Search the entries for the line containing "Proof. by rewrite ip_conj ip0l rmorph0. Qed.". Repeat it, then every line after it, exactly through the final line.

####

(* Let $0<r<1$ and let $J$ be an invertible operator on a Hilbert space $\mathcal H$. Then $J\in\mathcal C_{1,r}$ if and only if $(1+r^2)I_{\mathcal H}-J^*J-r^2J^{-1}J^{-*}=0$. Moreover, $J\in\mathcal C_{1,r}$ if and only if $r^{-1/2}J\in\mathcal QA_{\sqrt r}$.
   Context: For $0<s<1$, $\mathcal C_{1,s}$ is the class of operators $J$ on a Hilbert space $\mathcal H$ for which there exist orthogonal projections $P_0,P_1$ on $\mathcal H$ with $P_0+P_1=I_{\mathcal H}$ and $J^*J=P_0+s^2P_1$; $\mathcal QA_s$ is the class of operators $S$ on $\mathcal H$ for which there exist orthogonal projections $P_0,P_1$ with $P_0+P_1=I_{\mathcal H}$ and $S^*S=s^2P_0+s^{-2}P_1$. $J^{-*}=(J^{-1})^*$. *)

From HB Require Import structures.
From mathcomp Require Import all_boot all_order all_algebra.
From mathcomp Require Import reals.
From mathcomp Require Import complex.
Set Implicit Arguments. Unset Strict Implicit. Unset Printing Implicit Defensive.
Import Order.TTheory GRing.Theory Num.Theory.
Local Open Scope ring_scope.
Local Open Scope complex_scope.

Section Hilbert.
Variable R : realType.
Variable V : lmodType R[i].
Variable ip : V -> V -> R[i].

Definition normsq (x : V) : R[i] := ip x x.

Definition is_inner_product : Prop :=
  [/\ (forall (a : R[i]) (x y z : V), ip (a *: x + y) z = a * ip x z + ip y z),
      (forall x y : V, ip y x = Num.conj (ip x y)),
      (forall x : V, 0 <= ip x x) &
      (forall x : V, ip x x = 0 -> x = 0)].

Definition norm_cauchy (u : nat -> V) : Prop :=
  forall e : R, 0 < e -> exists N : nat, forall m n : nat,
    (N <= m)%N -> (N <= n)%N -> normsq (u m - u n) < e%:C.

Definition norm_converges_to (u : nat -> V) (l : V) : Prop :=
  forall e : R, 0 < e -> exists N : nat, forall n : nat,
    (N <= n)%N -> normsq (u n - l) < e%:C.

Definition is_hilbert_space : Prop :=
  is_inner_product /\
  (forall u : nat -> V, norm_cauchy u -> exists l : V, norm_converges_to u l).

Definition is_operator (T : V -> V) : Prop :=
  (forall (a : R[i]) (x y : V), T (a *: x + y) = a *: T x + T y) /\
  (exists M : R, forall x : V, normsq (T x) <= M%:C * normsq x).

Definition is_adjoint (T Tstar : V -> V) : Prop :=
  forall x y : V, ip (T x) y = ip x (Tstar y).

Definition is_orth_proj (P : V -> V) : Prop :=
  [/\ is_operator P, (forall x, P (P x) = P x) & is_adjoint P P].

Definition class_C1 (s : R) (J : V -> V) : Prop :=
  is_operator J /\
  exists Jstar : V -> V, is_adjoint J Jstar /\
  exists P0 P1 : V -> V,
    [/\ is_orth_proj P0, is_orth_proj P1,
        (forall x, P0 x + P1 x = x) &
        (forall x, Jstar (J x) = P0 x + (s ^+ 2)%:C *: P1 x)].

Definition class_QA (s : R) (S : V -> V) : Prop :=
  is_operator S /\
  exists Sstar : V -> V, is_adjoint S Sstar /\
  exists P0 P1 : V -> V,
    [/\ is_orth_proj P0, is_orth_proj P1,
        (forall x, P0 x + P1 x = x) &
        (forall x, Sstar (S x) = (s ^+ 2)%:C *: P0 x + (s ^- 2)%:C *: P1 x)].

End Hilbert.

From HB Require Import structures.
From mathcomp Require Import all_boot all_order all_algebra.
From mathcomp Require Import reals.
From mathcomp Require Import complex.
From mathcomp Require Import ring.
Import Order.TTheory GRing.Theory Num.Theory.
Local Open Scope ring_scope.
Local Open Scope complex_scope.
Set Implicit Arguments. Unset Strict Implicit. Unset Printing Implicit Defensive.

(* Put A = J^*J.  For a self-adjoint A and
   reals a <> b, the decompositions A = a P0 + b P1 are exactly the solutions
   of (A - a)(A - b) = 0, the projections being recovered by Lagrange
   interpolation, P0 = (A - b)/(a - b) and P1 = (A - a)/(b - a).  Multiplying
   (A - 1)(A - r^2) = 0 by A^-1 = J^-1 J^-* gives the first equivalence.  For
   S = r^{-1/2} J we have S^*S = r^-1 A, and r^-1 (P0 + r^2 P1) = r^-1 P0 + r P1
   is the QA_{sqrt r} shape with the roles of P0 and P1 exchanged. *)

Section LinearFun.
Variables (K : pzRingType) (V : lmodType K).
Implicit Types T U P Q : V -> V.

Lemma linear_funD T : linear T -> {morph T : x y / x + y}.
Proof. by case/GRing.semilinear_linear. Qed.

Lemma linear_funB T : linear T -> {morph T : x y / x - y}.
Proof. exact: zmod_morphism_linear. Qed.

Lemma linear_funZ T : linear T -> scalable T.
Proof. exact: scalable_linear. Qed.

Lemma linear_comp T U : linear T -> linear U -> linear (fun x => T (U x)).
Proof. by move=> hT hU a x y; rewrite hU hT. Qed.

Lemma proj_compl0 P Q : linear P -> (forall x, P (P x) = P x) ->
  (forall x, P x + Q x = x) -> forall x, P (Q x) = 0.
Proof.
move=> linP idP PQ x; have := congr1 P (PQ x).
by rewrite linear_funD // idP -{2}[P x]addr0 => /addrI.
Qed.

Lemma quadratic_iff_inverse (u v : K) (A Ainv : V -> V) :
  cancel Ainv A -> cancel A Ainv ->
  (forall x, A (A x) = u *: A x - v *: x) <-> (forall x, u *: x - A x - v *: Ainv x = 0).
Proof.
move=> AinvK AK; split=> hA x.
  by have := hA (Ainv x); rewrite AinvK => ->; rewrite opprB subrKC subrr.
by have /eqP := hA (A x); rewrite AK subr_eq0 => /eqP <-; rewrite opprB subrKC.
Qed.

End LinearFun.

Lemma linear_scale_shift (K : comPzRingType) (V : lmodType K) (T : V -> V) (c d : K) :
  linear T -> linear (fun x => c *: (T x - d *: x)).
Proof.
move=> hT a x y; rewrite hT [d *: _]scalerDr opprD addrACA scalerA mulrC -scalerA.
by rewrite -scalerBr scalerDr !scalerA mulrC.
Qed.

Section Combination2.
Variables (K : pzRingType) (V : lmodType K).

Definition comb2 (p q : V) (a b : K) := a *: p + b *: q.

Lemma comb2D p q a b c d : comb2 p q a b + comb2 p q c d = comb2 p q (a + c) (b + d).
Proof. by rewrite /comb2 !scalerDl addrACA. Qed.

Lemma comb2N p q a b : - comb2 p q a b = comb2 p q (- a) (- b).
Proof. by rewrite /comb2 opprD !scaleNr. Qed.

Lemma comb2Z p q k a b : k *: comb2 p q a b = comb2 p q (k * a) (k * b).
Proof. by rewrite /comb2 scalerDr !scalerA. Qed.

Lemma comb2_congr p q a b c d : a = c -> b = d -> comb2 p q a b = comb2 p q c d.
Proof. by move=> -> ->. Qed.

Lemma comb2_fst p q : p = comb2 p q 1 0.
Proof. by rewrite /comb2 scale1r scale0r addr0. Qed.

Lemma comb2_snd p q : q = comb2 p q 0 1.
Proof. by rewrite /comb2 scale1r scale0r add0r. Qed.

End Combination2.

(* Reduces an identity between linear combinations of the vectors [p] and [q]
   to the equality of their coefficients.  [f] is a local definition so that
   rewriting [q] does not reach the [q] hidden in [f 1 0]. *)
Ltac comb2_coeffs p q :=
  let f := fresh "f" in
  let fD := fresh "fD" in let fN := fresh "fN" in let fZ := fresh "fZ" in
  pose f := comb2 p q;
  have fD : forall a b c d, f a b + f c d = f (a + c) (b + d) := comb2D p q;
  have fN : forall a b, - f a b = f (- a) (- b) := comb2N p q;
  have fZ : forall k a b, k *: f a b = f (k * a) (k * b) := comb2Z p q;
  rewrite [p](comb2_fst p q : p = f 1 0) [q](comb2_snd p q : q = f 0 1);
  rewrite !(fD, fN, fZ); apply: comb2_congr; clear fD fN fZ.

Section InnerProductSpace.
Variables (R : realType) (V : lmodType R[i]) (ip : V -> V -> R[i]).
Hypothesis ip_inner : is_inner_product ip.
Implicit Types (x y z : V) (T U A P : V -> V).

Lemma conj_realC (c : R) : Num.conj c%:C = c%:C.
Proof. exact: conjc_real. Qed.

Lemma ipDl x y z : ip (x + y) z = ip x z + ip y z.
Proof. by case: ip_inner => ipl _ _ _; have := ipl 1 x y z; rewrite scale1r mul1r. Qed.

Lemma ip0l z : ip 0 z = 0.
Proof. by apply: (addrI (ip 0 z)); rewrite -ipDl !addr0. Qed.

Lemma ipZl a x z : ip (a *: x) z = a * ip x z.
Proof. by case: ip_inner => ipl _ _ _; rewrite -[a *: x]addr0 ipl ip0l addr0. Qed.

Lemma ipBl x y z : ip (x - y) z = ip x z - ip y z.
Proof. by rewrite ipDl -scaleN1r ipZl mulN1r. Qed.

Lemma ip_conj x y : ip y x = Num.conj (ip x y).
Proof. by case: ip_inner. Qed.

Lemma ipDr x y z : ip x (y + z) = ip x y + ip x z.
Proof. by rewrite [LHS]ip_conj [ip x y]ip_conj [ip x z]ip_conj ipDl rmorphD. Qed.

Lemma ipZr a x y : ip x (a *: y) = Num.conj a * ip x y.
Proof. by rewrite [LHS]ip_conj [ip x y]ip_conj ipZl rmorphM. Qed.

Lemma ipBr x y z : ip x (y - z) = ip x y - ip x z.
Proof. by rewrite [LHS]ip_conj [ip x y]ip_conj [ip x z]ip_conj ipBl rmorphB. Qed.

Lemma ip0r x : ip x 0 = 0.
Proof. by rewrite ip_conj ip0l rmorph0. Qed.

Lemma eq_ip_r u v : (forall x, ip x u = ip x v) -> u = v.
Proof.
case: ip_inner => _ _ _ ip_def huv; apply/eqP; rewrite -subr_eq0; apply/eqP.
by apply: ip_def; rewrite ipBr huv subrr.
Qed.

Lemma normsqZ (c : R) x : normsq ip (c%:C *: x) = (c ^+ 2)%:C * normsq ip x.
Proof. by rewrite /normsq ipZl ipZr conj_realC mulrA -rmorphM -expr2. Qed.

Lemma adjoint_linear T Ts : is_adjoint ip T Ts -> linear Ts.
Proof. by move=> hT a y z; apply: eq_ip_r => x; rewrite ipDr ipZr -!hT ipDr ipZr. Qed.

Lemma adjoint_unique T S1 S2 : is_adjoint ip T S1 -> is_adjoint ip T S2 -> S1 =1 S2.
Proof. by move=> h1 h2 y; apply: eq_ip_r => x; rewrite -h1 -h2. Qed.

####

Exercise solution:
Proof. by rewrite ip_conj ip0l rmorph0. Qed.

Lemma eq_ip_r u v : (forall x, ip x u = ip x v) -> u = v.
Proof.
case: ip_inner => _ _ _ ip_def huv; apply/eqP; rewrite -subr_eq0; apply/eqP.
by apply: ip_def; rewrite ipBr huv subrr.
Qed.

Lemma normsqZ (c : R) x : normsq ip (c%:C *: x) = (c ^+ 2)%:C * normsq ip x.
Proof. by rewrite /normsq ipZl ipZr conj_realC mulrA -rmorphM -expr2. Qed.

Lemma adjoint_linear T Ts : is_adjoint ip T Ts -> linear Ts.
Proof. by move=> hT a y z; apply: eq_ip_r => x; rewrite ipDr ipZr -!hT ipDr ipZr. Qed.

Lemma adjoint_unique T S1 S2 : is_adjoint ip T S1 -> is_adjoint ip T S2 -> S1 =1 S2.
Proof. by move=> h1 h2 y; apply: eq_ip_r => x; rewrite -h1 -h2. Qed.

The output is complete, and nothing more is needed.